For NB1141, we experimentally validated all the twelve intra-chromosomal SVs that were selected with PEM signatures corresponding to 4 deletions, 4 inversions and 4 large duplications (Table S4). For NB1142, 5 out of 6 selected inter-chromosomal rearrangements involving chromosomes 6 and 19 were validated (Table S4). None of the rearrangements were detected in the corresponding germline DNA. Breakpoint regions of these SV were sequenced at the base pair level.
For both primary tumors, we identified many SVs of short size (SV insert size <50 kb) (Table S2 and Table S3). Similarly to the cell lines, these short SVs were mostly deletions (33%) and insertions (36%) and they fell frequently in intergenic regions (64%) and intronic regions (31%). A large number of all predicted short SVs (53%) were annotated as known SVs in DGV [21].
Expected Consequences of SVs on the Gene Structure
We classified links into various categories (see Methods) according to the expected consequences of the SV on the gene structure (Table 2). The damaging class of SVs includes the “truncated”, “possible chimera” and “may change function” classes. The non-damaging class comprises the “intergenic”, “promoter” and “does not change function” categories. A subset of SVs was classified as “may not change function”. For inter-chromosomal links, 29 to 71% of them were classified as damaging whereas for large intra-chromosomal SVs, this category represented 37 to 46% of the predicted SVs (Table 2). For short intra-chromosomal SVs, the percentage of damaging events was much smaller (2% to 9%, Table S3). This corresponded to 44, 109, 88 and 29 genes potentially damaged by the SVs in CLB-Ga, CLB-Re, NB1141 and NB1142, respectively. Among them, 12 genes were present in the Cancer Census List (n = 1 in CLB-Ga, n = 8 in CLB-Re, and n = 3 in NB1141) (http://www.sanger.ac.uk/genetics/CGP/Census/). None of these 12 genes was found recurrently altered by a “damaging” SV in several samples.

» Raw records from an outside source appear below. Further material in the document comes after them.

(* Fix $n\in\mathbb{N}$ and $\delta\in\mathbb{R}$. For $\mu\in\mathbb{N}=\{1,2,\dots\}$ let $S_\mu$ be the set of pairs $(p,z)\in\mathbb{R}^n\times\mathbb{R}^n$ with $\delta>-\min_{i,j}\{p_i,z_j\}$ such that $(p+\delta)^{\mu}\succ_w (z+\delta)^{\mu}$ and $\sum_{i=1}^n (p_i+\delta)^k\geq\sum_{i=1}^n (z_i+\delta)^k$ for all $k\in\{1,\dots,\mu-1\}$. If $\mu_2>\mu_1$, then $S_{\mu_1}\subseteq S_{\mu_2}$. Consequently, increasing $\mu$ enlarges the set of rational functions $H(s)=K\prod_{i=1}^n(s-z_i)/\prod_{i=1}^n(s-p_i)$, $K>0$, with real zeros and poles that are certified logarithmically completely monotonic by the condition $(p,z)\in S_\mu$.
   Context: $(x+\delta)^\mu$ denotes the vector with components $(x_i+\delta)^\mu$. For $x\in\mathbb{R}^n$, $x^{\downarrow}$ is the vector of its components sorted in descending order; $x\succ_w y$ means $\sum_{i=1}^k x^{\downarrow}_i\geq\sum_{i=1}^k y^{\downarrow}_i$ for all $k=1,\dots,n$. (The condition $(p,z)\in S_\mu$ for some $\mu,\delta$ is a sufficient condition for $H$ to be logarithmically completely monotonic.) *)

From mathcomp Require Import all_boot all_order all_algebra.
From mathcomp Require Import reals.
Set Implicit Arguments. Unset Strict Implicit. Unset Printing Implicit Defensive.
Import Order.TTheory GRing.Theory Num.Theory.
Local Open Scope ring_scope.

Definition sort_desc (R : realType) (n : nat) (x : 'I_n -> R) : seq R :=
  sort (fun a b : R => b <= a) [seq x i | i <- enum 'I_n].

Definition weakly_majorizes (R : realType) (n : nat) (x y : 'I_n -> R) : Prop :=
  forall k : nat, (1 <= k <= n)%N ->
    \sum_(i < k) (sort_desc y)`_i <= \sum_(i < k) (sort_desc x)`_i.

Definition shift_pow (R : realType) (n : nat) (x : 'I_n -> R) (delta : R) (mu : nat)
  : 'I_n -> R := fun i => (x i + delta) ^+ mu.

Definition delta_ok (R : realType) (n : nat) (delta : R) (p z : 'I_n -> R) : Prop :=
  forall i : 'I_n, - p i < delta /\ - z i < delta.

Definition S_mu (R : realType) (n : nat) (delta : R) (mu : nat) (p z : 'I_n -> R) : Prop :=
  [/\ delta_ok delta p z,
      weakly_majorizes (shift_pow p delta mu) (shift_pow z delta mu) &
      forall k : nat, (1 <= k <= mu.-1)%N ->
        \sum_(i < n) (z i + delta) ^+ k <= \sum_(i < n) (p i + delta) ^+ k].

From mathcomp Require Import all_boot all_order all_algebra.
From mathcomp Require Import reals ring zify.
Set Implicit Arguments. Unset Strict Implicit. Unset Printing Implicit Defensive.
Import Order.TTheory GRing.Theory Num.Theory.
Local Open Scope ring_scope.

(* Only the weak majorization at the larger power needs an argument: the
   power-sum conditions for the new exponents mu1 <= k < mu2 are its case of
   the full sum.  For shifted entries a_i, b_i >= 0 sorted decreasingly, the
   pointwise inequality
     (mu + k) b^k (a^mu - b^mu) <= mu (a^(mu+k) - b^(mu+k))
   reduces the claim to 0 <= sum_(i<j) b_i^k (a_i^mu - b_i^mu), which follows
   by Abel summation from the nonnegativity of the partial sums of
   a_i^mu - b_i^mu (the hypothesis) and the monotonicity of the weights b_i^k. *)

Section PowerDifferences.
Variable R : realDomainType.
Implicit Types a b : R.

Lemma mulr_subr_subrX_ge0 a b k : 0 <= a -> 0 <= b ->
  0 <= (a - b) * (a ^+ k - b ^+ k).
Proof.
move=> a_ge0 b_ge0; have [a_le_b | b_lt_a] := leP a b.
- by apply: mulr_le0; rewrite subr_le0 //; apply: (lerXn2r k); rewrite ?nnegrE.
- have b_le_a := ltW b_lt_a.
  by apply: mulr_ge0; rewrite subr_ge0 //; apply: (lerXn2r k); rewrite ?nnegrE.
Qed.

Lemma mixed_expr_mul_subr_le a b j m : 0 <= a -> 0 <= b -> (j <= m)%N ->
  a ^+ j * b ^+ (m - j) * (a - b) <= a ^+ m * (a - b).
Proof.
move=> a_ge0 b_ge0 le_jm; rewrite -subr_ge0 -{1}(subnKC le_jm) exprD.
have -> : a ^+ j * a ^+ (m - j) * (a - b) - a ^+ j * b ^+ (m - j) * (a - b)
   = a ^+ j * ((a - b) * (a ^+ (m - j) - b ^+ (m - j))) by ring.
by rewrite mulr_ge0 ?exprn_ge0 ?mulr_subr_subrX_ge0.
Qed.

Lemma subrX_le_mul_subr a b mu k : 0 <= a -> 0 <= b ->
  b ^+ k.+1 * (a ^+ mu - b ^+ mu) <= mu%:R * a ^+ (mu + k) * (a - b).
Proof.
move=> a_ge0 b_ge0.
have -> : mu%:R * a ^+ (mu + k) * (a - b) = \sum_(i < mu) a ^+ (mu + k) * (a - b).
  by rewrite sumr_const card_ord -mulrA mulr_natl.
rewrite subrXX !mulr_sumr; apply: ler_sum => i _.
have -> : b ^+ k.+1 * ((a - b) * (a ^+ (mu.-1 - i) * b ^+ i))
  = a ^+ (mu.-1 - i) * b ^+ (i + k.+1) * (a - b) by rewrite exprD; ring.
have lt_i_mu := ltn_ord i.
have -> : (i + k.+1 = mu + k - (mu.-1 - i))%N by lia.
by apply: mixed_expr_mul_subr_le => //; lia.
Qed.

Lemma weighted_subrX_le_subrXD a b mu k : 0 <= a -> 0 <= b ->
  (mu + k)%:R * b ^+ k * (a ^+ mu - b ^+ mu)
    <= mu%:R * (a ^+ (mu + k) - b ^+ (mu + k)).
Proof.
move=> a_ge0 b_ge0; elim: k => [|k IHk]; first by rewrite addn0 expr0 mulr1.
have -> : (mu + k.+1)%:R * b ^+ k.+1 * (a ^+ mu - b ^+ mu)
  = b * ((mu + k)%:R * b ^+ k * (a ^+ mu - b ^+ mu))
    + b ^+ k.+1 * (a ^+ mu - b ^+ mu) by rewrite addnS mulrSr exprS; ring.
have -> : mu%:R * (a ^+ (mu + k.+1) - b ^+ (mu + k.+1))
  = b * (mu%:R * (a ^+ (mu + k) - b ^+ (mu + k)))
    + mu%:R * a ^+ (mu + k) * (a - b) by rewrite addnS !exprS; ring.
by rewrite lerD ?ler_wpM2l ?subrX_le_mul_subr.
Qed.

Lemma abel_partial_sum_le (c d : nat -> R) k :
  (forall i, c i.+1 <= c i) ->
  (forall j, (j <= k)%N -> 0 <= \sum_(i < j) d i) ->
  c k * \sum_(i < k) d i <= \sum_(i < k) c i * d i.
Proof.
move=> c_noninc; elim: k => [|k IHk] d_psum_ge0; first by rewrite !big_ord0 mulr0.
rewrite [in X in _ <= X]big_ord_recr /=.
have le_ck : c k * \sum_(i < k.+1) d i <= \sum_(i < k) c i * d i + c k * d k.
  by rewrite big_ord_recr mulrDr lerD2r IHk // => j le_jk; rewrite d_psum_ge0 ?leqW.
by apply: le_trans le_ck; rewrite ler_wpM2r ?d_psum_ge0.
Qed.

Lemma weak_majorization_exprn (a b : nat -> R) mu m n : (0 < mu)%N -> (mu <= m)%N ->
  (forall i, 0 <= a i) -> (forall i, 0 <= b i) -> (forall i, b i.+1 <= b i) ->
  (forall j, (j <= n)%N -> \sum_(i < j) b i ^+ mu <= \sum_(i < j) a i ^+ mu) ->
  \sum_(i < n) b i ^+ m <= \sum_(i < n) a i ^+ m.
Proof.
move=> mu_gt0 /subnKC <-; set k := (m - mu)%N.
move=> a_ge0 b_ge0 b_noninc maj_mu.
have psum_ge0 j : (j <= n)%N -> 0 <= \sum_(i < j) (a i ^+ mu - b i ^+ mu).
  by move=> le_jn; rewrite sumrB subr_ge0 maj_mu.
have weighted_ge0 : 0 <= \sum_(i < n) b i ^+ k * (a i ^+ mu - b i ^+ mu).
  have weights_noninc i : b i.+1 ^+ k <= b i ^+ k.
    by apply: (lerXn2r k); rewrite ?nnegrE.
  apply: le_trans (abel_partial_sum_le (c := fun i => b i ^+ k)
                     (d := fun i => a i ^+ mu - b i ^+ mu) weights_noninc psum_ge0).
  by rewrite mulr_ge0 ?exprn_ge0 ?psum_ge0.
have : (mu + k)%:R * \sum_(i < n) b i ^+ k * (a i ^+ mu - b i ^+ mu)
    <= mu%:R * \sum_(i < n) (a i ^+ (mu + k) - b i ^+ (mu + k)).
  rewrite !mulr_sumr; apply: ler_sum => i _.
  by rewrite mulrA weighted_subrX_le_subrXD.
move/(le_trans (mulr_ge0 (ler0n _ _) weighted_ge0)).
by rewrite pmulr_rge0 ?ltr0n // sumrB subr_ge0.
Qed.

End PowerDifferences.

Section SortedShifts.
Variables (R : realType) (n : nat).
Implicit Types x : 'I_n -> R.

Let sort_ge_sorted (s : seq R) : sorted >=%R (sort >=%R s).
Proof. by apply: sort_sorted; exact: ge_total. Qed.

Lemma sort_ge_map_expr (s : seq R) m : all (>= 0) s ->
  sort >=%R [seq y ^+ m | y <- s] = [seq y ^+ m | y <- sort >=%R s].
Proof.
move=> s_ge0; apply: (sorted_eq ge_trans ge_anti).
- exact: sort_ge_sorted.
- apply: (homo_sorted_in (P := [pred y | 0 <= y])).
  + by move=> y1 y2 y1_ge0 y2_ge0; apply: (lerXn2r m).
  + by rewrite all_sort.
  + exact: sort_ge_sorted.
- by rewrite perm_sort perm_map // perm_sym perm_sort.
Qed.

Lemma nth_sort_ge_ge0 (s : seq R) j : all (>= 0) s -> 0 <= (sort >=%R s)`_j.
Proof.
move=> /allP s_ge0; have [lt_j_size | ?] := ltnP j (size (sort >=%R s)).
  by apply: s_ge0; rewrite -(mem_sort >=%R) mem_nth.
by rewrite nth_default.
Qed.

Lemma nth_sort_ge_nonincreasing (s : seq R) j : all (>= 0) s ->
  (sort >=%R s)`_j.+1 <= (sort >=%R s)`_j.
Proof.
move=> s_ge0; have [lt_Sj_size | ?] := ltnP j.+1 (size (sort >=%R s)).
  by have /(sortedP 0) := sort_ge_sorted s; apply.
by rewrite [leLHS]nth_default ?nth_sort_ge_ge0.
Qed.

Definition shift_desc x (delta : R) : seq R :=
  sort >=%R [seq x i + delta | i <- enum 'I_n].

Lemma all_shift_ge0 x delta : (forall i, 0 <= x i + delta) ->
  all (>= 0) [seq x i + delta | i <- enum 'I_n].
Proof. by move=> x_ge0; apply/allP=> _ /mapP[i _ ->]; apply: x_ge0. Qed.

Lemma size_shift_desc x delta : size (shift_desc x delta) = n.
Proof. by rewrite size_sort size_map size_enum_ord. Qed.

Lemma sort_desc_shift_pow x delta m : (forall i, 0 <= x i + delta) ->
  sort_desc (shift_pow x delta m) = [seq y ^+ m | y <- shift_desc x delta].
Proof.
by move=> x_ge0; rewrite -sort_ge_map_expr ?all_shift_ge0 // /sort_desc -[in RHS]map_comp.
Qed.

Lemma sum_sort_desc_shift_pow x delta m k : (forall i, 0 <= x i + delta) ->
  (k <= n)%N ->
  \sum_(i < k) (sort_desc (shift_pow x delta m))`_i
    = \sum_(i < k) (shift_desc x delta)`_i ^+ m.
Proof.
move=> x_ge0 le_kn; rewrite sort_desc_shift_pow //; apply: eq_bigr => i _.
by rewrite (nth_map 0) // size_shift_desc (leq_trans (ltn_ord i)).
Qed.

Lemma sum_shift_pow_desc x delta m :
  \sum_(i < n) (x i + delta) ^+ m = \sum_(i < n) (shift_desc x delta)`_i ^+ m.
Proof.
have -> : \sum_(i < n) (shift_desc x delta)`_i ^+ m = \sum_(y <- shift_desc x delta) y ^+ m.
  by rewrite (big_nth 0) size_shift_desc big_mkord.
by rewrite (perm_big _ (permEl (perm_sort _ _))) big_map big_enum.
Qed.

End SortedShifts.

Theorem proposition4 (R : realType) (n : nat) (delta : R) (mu1 mu2 : nat) :
  (1 <= mu1)%N -> (mu1 < mu2)%N ->
  forall p z : 'I_n -> R, S_mu delta mu1 p z -> S_mu delta mu2 p z.
Proof.
move=> mu1_gt0 lt_mu12 p z [delta_pz maj_mu1 psums].
have p_ge0 i : 0 <= p i + delta by rewrite ltW // -ltrBlDl sub0r (delta_pz i).1.
have z_ge0 i : 0 <= z i + delta by rewrite ltW // -ltrBlDl sub0r (delta_pz i).2.
have maj m j : (mu1 <= m)%N -> (j <= n)%N ->
    \sum_(i < j) (shift_desc z delta)`_i ^+ m <= \sum_(i < j) (shift_desc p delta)`_i ^+ m.
  move=> le_mu1m le_jn; apply: (weak_majorization_exprn (a := nth 0 (shift_desc p delta))
                                   (b := nth 0 (shift_desc z delta)) mu1_gt0 le_mu1m).
  - by move=> i; rewrite nth_sort_ge_ge0 ?all_shift_ge0.
  - by move=> i; rewrite nth_sort_ge_ge0 ?all_shift_ge0.
  - by move=> i; rewrite nth_sort_ge_nonincreasing ?all_shift_ge0.
  move=> [|l] le_lj; first by rewrite !big_ord0.
  have le_Sl_n := leq_trans le_lj le_jn.
  have := maj_mu1 l.+1 le_Sl_n.
  by rewrite (sum_sort_desc_shift_pow _ p_ge0 le_Sl_n) (sum_sort_desc_shift_pow _ z_ge0 le_Sl_n).
split=> // k.
- case/andP=> _ le_kn.
  rewrite (sum_sort_desc_shift_pow _ p_ge0 le_kn) (sum_sort_desc_shift_pow _ z_ge0 le_kn).
  exact: maj (ltnW lt_mu12) le_kn.
- case/andP=> k_gt0 _; have [lt_k_mu1 | le_mu1k] := ltnP k mu1.
    by apply: psums; rewrite k_gt0 -ltnS prednK.
  rewrite (sum_shift_pow_desc p) (sum_shift_pow_desc z).
  exact: maj le_mu1k (leqnn n).
Qed.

Breakpoint Analysis Reveals a Subset of Rearrangements with Templated Insertion of Fragments of Nearby Sequences and Frequent Microhomology
For SVs validated by PCR, further Sanger sequencing of the fragments allowed characterization of the junctions at the base pair level. This analysis revealed more complex structures than expected with two or more breakpoints per rearrangement in 6 cases out of 51. In total, we characterized 59 DNA junctions (Table 3, Figure S5). In two cases, a genomic shard, i.e., a fragment derived from a known position of the human genome but located at some distance from the two joined fragments, was inserted at the junction between the two fragments. In four cases, we observed complex rearrangements with templated insertion of fragments of nearby sequences at the expected breakpoint (two cases are shown on Figure 4A and 4B; see also Table S4). Sequences at rearrangement junctions frequently exhibited microhomology (1 to 28 bp, Table S5). Indeed, such microhomology was observed in 40 out of 59 junctions characterized in the 4 samples (Table 3, Figure 5). In the same samples, we counted 12 cases of blunt ends. The number of junctions with microhomology was significantly higher than expected by chance in both non-chromothripsis (chi-square test p-value = 1.4e-36) and chromothripsis cases (chi-square test p-value = 4.3e-96). In 6 cases, junctions contained a short insertion of 1 to 17 bp (Table 3 and Table S4).
Table 3. Characteristics of junctions defined at the base pair level.
CLB-Ga | CLB-Re | NB1141 | NB1142 | |
Nb of rearrangements analyzed at the bp resolution | 11 | 23 | 12 | 5 |
Simple rearrangements | 10 | 21 | 11 | 3 |
Complex rearrangements | ||||
• with genomic shard | 1 (SV7) | 1 (SV15) | ||
• with templated insertion of fragments of nearby sequences | 1 (SV1) | 1 (SV3) | 2 (SV1/SV5) | |
Nb of junctions | 12 | 26 | 14 | 7 |
Pattern at junction | ||||
• Micro-homology | 10 | 15 | 9 | 6 |
• Blunt | 2 | 6 | 4 | – |
• Insertions | – | 5 | 1 | 1 |
We also searched for specific motifs potentially implicated in rearrangement formation within all characterized sequence junctions (Table S6) either at immediate or short proximity of the breakpoints (40 and 250 bp of genomic sequence surrounding the breakpoint, respectively). For cell lines, this analysis revealed an enrichment of one S/MAR (Scaffold/matrix attachment regions) motif in CLB-Re at immediate proximity. In primary tumors exhibiting chromothripsis, two motifs were significantly over-represented in NB1141 but we could not demonstrate an enrichment of the same motifs in NB1142 (Table S6).
RNA-seq Analysis Allows the Identification of Abnormal Transcripts Expressed from Genomic Rearrangements
In order to determine which SVs predicted to modify normal gene structure indeed resulted in abnormal RNA products, we performed RNA-seq for the four cases. After mapping paired-end reads to the reference genome as well as to putative exon-exon junctions, we checked whether we can find clusters of pairs corresponding to the predicted SVs. Here, we considered only SV possibly resulting in chimeric transcripts or in transcripts with deleted/duplicated/inverted exons. We annotated an SV as “expressed” if there was more than one read pair linking the exons or, in some cases, introns corresponding to the SV.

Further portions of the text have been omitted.